## ABOUT THIS TASK
Copy exactly the lines of the records below, and only those lines, beginning with the line that contains "vector u (x)" and ending with the line that contains "From mathcomp Require Import ring.".

(Data excerpts)
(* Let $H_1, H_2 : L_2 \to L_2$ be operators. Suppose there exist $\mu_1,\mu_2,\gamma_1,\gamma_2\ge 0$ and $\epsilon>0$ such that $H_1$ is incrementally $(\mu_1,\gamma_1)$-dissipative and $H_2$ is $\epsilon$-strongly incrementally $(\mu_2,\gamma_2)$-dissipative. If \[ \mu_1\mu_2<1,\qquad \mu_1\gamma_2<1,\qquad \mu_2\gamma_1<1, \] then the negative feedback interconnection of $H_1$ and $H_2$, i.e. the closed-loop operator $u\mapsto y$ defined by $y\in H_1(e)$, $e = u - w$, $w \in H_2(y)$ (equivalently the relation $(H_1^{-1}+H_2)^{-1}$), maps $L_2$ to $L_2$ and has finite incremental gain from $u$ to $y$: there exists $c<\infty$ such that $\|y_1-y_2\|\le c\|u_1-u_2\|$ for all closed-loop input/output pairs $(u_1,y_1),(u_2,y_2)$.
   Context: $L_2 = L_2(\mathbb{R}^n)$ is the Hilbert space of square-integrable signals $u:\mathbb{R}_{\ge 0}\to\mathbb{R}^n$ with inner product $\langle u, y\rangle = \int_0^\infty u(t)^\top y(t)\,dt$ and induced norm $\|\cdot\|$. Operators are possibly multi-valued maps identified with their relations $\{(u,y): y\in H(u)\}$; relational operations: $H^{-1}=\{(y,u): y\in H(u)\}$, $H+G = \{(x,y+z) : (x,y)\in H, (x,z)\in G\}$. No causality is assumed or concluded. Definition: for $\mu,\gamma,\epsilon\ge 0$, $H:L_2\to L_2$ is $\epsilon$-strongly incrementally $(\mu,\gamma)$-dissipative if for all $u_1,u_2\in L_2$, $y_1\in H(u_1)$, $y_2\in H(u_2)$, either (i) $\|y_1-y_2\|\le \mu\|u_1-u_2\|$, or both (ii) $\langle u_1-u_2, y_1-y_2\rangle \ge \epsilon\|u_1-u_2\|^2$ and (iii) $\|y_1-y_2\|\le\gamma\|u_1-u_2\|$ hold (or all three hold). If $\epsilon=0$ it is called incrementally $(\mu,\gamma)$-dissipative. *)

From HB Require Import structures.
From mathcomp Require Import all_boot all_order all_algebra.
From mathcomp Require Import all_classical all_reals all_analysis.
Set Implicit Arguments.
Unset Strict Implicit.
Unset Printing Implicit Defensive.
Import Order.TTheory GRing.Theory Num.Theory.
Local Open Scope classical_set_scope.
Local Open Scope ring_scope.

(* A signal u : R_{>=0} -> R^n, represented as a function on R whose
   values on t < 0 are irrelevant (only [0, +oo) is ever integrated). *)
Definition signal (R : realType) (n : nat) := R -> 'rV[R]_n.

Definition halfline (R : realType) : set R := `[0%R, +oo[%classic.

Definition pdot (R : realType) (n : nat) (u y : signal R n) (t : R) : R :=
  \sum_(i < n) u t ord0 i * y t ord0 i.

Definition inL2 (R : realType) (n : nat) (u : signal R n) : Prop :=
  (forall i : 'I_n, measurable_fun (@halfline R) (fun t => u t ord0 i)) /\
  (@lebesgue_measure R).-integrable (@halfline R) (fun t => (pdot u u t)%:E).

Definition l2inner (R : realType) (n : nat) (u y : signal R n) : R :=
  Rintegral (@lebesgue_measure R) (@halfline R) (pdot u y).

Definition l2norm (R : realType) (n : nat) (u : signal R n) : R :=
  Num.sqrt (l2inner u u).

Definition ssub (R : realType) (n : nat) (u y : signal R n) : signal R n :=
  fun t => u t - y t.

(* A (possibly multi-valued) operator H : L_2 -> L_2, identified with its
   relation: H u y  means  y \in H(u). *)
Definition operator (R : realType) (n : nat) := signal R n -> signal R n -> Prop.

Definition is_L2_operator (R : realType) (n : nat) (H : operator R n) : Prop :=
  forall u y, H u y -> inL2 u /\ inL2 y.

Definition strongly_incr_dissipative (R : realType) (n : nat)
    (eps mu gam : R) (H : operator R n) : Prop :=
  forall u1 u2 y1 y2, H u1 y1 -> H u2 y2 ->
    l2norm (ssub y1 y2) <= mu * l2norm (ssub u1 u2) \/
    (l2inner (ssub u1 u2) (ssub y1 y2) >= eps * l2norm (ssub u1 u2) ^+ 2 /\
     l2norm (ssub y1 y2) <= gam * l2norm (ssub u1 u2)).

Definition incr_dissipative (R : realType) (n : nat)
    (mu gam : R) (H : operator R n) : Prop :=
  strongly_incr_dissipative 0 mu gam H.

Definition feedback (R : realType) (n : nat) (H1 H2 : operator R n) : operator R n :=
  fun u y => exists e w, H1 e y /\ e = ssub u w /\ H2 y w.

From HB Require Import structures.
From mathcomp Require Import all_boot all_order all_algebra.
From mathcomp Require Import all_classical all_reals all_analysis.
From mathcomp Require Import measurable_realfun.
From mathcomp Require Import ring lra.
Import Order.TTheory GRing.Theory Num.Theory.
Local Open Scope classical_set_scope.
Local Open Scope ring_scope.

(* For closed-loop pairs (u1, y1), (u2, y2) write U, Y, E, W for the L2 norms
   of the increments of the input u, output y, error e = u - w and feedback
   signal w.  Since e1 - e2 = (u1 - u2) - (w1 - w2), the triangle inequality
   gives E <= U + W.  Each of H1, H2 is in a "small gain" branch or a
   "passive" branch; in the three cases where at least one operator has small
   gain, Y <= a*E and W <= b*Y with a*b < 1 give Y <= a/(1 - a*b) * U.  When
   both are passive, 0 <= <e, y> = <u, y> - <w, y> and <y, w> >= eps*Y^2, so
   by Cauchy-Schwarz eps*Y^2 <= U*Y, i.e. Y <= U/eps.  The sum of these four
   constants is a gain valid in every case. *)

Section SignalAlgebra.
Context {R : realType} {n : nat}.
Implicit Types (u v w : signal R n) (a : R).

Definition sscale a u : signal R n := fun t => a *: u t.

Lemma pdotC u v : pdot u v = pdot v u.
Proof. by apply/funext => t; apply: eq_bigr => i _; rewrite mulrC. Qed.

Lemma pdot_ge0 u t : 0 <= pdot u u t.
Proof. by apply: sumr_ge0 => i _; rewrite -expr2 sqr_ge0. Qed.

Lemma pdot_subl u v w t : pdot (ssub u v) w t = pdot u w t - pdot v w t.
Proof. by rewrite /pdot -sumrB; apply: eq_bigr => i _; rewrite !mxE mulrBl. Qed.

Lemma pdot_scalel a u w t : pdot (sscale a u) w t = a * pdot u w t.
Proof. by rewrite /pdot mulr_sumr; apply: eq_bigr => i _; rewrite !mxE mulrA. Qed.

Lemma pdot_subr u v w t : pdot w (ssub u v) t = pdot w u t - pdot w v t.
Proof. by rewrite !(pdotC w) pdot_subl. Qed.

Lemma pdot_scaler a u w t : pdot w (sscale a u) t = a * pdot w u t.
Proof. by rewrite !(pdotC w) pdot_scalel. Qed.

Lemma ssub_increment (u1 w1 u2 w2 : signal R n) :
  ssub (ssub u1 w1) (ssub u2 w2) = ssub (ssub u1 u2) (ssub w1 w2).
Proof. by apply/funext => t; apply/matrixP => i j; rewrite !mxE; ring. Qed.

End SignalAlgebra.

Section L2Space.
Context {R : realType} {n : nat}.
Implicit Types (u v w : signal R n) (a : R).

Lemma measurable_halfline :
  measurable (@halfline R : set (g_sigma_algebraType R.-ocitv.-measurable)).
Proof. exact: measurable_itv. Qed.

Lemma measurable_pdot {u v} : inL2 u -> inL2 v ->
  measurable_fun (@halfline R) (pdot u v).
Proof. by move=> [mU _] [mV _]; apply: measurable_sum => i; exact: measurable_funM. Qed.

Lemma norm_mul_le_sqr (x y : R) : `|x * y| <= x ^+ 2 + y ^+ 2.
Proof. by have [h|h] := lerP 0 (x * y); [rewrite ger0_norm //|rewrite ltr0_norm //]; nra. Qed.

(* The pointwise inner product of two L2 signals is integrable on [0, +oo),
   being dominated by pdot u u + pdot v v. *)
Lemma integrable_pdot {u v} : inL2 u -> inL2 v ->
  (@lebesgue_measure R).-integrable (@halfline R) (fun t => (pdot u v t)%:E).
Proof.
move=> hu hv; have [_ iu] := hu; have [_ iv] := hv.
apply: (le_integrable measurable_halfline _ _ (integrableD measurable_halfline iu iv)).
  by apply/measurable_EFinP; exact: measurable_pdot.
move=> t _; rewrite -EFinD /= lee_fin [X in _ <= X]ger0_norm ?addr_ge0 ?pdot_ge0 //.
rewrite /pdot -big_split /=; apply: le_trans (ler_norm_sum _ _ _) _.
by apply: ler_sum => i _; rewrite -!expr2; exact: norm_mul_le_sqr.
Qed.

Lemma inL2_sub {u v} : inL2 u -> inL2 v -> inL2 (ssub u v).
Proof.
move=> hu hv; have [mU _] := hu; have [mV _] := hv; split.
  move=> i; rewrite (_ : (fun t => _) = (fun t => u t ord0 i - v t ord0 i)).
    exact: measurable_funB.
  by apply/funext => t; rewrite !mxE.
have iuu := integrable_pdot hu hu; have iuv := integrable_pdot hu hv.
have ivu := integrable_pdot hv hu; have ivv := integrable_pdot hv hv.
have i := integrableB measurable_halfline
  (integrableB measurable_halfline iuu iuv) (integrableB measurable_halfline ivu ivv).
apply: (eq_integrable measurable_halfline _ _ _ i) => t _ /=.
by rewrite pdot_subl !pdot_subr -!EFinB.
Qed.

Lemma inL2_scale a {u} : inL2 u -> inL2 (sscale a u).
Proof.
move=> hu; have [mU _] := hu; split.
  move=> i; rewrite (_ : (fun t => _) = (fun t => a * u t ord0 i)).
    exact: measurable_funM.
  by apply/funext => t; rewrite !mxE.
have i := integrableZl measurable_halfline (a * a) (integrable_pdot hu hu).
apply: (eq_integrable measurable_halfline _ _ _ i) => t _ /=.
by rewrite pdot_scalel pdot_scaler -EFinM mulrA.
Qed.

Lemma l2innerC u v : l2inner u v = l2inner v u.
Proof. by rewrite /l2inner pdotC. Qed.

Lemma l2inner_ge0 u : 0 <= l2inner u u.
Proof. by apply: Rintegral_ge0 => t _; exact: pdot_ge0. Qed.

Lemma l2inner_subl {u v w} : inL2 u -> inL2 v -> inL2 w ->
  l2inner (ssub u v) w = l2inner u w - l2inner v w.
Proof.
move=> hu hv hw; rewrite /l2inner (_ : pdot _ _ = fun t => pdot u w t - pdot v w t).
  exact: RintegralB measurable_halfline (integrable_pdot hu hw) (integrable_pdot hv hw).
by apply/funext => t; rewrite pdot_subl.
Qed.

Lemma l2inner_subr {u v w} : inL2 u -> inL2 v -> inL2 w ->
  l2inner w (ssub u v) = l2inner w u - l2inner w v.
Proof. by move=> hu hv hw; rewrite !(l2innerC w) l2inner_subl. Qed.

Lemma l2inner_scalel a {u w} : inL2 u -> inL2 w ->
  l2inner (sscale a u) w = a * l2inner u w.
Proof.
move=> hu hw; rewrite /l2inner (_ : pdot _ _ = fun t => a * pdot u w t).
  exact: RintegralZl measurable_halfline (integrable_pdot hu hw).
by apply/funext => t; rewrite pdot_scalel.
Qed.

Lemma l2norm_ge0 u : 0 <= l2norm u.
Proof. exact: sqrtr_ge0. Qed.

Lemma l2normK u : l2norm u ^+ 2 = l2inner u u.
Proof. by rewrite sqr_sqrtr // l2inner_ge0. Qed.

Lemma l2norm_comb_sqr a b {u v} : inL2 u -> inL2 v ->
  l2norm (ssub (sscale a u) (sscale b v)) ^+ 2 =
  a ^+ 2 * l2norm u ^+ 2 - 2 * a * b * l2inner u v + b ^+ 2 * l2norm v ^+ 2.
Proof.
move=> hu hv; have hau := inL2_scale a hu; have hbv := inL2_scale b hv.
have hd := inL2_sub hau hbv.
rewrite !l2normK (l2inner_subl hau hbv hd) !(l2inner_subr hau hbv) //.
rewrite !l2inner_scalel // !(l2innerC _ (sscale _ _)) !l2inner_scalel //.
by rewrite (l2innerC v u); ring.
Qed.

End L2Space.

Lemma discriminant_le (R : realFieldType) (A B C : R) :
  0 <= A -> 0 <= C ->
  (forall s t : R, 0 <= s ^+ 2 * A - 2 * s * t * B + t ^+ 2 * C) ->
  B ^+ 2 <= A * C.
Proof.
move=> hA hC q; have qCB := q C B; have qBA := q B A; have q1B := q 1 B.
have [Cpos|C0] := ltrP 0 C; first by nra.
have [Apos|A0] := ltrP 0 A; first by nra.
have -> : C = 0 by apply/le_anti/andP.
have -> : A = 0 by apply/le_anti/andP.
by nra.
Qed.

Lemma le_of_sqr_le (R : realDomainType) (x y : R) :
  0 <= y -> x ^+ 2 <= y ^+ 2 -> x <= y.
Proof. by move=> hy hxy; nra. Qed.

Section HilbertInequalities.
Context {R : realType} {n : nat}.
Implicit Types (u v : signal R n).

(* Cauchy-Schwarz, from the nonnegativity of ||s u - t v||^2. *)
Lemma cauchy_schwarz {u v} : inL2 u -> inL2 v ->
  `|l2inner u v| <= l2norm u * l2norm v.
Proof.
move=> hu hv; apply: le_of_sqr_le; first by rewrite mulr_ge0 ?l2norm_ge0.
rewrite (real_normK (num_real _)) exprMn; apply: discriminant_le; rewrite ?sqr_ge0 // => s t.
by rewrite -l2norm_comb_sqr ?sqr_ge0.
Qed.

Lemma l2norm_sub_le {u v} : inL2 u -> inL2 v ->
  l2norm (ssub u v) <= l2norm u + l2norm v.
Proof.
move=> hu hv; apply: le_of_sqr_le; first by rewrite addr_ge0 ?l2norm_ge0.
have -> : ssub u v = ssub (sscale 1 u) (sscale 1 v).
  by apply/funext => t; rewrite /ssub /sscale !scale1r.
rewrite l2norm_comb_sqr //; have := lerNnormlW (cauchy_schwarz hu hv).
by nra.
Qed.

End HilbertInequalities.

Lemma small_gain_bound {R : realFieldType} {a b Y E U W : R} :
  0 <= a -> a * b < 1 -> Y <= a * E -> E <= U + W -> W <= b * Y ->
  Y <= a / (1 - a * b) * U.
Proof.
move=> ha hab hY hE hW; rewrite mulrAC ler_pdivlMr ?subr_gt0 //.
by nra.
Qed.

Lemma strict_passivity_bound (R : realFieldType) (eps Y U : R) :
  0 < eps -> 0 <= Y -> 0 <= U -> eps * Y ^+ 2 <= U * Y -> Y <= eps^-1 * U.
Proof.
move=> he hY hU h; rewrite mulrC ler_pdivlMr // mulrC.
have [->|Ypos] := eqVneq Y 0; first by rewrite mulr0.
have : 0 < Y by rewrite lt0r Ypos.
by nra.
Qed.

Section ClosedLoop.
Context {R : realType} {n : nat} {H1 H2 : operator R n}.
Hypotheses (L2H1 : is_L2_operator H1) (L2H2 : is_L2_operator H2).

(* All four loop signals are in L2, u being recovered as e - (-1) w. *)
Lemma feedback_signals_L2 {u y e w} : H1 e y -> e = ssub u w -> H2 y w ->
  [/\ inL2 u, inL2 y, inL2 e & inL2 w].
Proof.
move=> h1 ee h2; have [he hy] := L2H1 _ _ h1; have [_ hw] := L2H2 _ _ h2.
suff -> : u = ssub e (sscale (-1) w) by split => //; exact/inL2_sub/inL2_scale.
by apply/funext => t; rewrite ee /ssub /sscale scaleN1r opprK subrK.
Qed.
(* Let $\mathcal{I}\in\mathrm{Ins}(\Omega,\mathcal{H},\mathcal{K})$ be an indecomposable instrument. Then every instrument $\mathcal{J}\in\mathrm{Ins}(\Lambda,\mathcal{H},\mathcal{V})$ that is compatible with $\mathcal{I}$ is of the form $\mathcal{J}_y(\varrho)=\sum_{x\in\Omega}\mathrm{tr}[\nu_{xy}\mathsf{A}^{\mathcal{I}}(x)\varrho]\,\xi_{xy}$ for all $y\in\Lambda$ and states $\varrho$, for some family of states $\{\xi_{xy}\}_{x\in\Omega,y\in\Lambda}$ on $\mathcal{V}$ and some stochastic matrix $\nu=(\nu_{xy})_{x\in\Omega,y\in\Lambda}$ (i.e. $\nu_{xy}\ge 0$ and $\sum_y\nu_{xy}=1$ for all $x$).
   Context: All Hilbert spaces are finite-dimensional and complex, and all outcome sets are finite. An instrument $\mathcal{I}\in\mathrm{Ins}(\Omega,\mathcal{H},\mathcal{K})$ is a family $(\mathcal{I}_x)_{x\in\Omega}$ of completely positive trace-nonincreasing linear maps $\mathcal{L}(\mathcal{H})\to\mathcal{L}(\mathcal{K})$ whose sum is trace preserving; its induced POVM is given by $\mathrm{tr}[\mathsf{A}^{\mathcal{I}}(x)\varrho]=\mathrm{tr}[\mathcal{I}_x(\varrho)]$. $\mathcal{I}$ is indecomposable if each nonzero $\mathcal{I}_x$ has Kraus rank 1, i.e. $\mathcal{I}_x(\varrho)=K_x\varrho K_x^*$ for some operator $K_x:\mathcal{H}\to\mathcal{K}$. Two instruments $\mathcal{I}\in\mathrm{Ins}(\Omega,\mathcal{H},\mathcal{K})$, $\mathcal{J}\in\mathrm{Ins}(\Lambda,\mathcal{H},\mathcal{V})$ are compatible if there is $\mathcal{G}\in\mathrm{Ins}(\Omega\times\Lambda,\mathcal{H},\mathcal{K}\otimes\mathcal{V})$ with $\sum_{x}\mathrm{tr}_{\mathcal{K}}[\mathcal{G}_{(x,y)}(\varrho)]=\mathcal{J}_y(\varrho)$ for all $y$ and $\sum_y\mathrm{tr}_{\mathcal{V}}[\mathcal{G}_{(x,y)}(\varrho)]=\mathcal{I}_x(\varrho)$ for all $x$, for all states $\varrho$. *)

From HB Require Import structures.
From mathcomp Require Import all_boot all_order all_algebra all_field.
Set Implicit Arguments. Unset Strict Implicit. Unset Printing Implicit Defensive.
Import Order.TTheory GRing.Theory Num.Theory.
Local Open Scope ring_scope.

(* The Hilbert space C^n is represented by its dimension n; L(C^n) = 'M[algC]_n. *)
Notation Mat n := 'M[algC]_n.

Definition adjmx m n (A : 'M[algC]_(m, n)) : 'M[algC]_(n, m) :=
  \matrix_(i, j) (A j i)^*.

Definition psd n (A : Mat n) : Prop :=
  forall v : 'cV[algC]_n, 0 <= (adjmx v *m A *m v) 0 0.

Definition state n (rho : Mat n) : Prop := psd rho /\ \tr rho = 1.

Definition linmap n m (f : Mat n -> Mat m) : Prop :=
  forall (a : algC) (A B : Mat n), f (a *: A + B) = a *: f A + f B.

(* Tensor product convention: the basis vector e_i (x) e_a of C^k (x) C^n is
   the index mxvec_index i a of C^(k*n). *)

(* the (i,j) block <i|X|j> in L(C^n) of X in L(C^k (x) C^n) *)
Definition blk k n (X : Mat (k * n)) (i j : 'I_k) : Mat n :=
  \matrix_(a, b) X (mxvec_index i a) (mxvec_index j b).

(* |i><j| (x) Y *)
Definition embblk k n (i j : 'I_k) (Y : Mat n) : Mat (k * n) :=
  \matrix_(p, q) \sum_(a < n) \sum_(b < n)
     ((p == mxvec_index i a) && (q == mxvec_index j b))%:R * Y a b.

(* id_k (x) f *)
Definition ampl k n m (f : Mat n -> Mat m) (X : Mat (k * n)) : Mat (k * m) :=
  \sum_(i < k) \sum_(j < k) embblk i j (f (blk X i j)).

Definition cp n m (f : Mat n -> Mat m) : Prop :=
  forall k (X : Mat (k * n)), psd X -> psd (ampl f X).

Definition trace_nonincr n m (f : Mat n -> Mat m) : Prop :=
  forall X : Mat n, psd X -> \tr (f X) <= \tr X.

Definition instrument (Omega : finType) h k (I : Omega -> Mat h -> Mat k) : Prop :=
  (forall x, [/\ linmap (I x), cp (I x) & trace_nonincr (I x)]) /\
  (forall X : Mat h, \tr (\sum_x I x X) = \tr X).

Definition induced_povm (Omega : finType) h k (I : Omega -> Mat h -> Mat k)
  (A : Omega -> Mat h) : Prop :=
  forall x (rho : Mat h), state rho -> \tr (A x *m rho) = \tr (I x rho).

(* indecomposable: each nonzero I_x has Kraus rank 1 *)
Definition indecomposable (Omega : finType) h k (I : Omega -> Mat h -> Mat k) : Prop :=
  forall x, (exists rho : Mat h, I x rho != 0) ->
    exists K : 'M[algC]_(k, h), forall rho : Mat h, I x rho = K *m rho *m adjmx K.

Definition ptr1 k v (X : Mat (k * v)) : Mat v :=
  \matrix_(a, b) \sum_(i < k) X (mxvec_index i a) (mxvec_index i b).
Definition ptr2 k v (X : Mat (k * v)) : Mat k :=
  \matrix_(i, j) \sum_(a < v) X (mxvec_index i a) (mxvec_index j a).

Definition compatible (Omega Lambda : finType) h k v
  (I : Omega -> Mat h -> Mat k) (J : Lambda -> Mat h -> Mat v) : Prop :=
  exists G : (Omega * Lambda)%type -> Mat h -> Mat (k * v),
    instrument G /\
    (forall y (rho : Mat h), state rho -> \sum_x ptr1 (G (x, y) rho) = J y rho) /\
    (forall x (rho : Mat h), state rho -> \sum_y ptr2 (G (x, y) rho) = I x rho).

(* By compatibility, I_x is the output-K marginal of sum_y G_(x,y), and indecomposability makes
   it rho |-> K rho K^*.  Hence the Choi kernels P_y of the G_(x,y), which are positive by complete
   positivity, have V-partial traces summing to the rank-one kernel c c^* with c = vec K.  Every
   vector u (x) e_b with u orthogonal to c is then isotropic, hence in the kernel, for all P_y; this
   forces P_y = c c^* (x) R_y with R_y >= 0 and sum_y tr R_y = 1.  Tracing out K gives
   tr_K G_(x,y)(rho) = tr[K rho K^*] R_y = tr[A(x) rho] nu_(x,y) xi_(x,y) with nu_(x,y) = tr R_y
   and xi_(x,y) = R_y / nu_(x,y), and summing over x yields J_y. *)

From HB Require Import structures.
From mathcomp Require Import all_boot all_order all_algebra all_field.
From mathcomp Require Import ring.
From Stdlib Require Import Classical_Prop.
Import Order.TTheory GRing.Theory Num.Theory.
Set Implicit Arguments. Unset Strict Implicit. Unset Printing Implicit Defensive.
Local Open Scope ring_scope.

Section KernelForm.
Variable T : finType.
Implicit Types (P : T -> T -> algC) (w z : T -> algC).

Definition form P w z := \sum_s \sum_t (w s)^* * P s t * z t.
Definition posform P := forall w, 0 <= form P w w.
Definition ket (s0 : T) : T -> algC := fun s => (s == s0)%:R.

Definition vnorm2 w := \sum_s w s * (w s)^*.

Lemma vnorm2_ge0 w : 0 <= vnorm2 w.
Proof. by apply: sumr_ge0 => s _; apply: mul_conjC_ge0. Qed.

## SOLUTION FOR THIS EXERCISE
   vector u (x) e_b with u orthogonal to c is then isotropic, hence in the kernel, for all P_y; this
   forces P_y = c c^* (x) R_y with R_y >= 0 and sum_y tr R_y = 1.  Tracing out K gives
   tr_K G_(x,y)(rho) = tr[K rho K^*] R_y = tr[A(x) rho] nu_(x,y) xi_(x,y) with nu_(x,y) = tr R_y
   and xi_(x,y) = R_y / nu_(x,y), and summing over x yields J_y. *)

From HB Require Import structures.
From mathcomp Require Import all_boot all_order all_algebra all_field.
From mathcomp Require Import ring.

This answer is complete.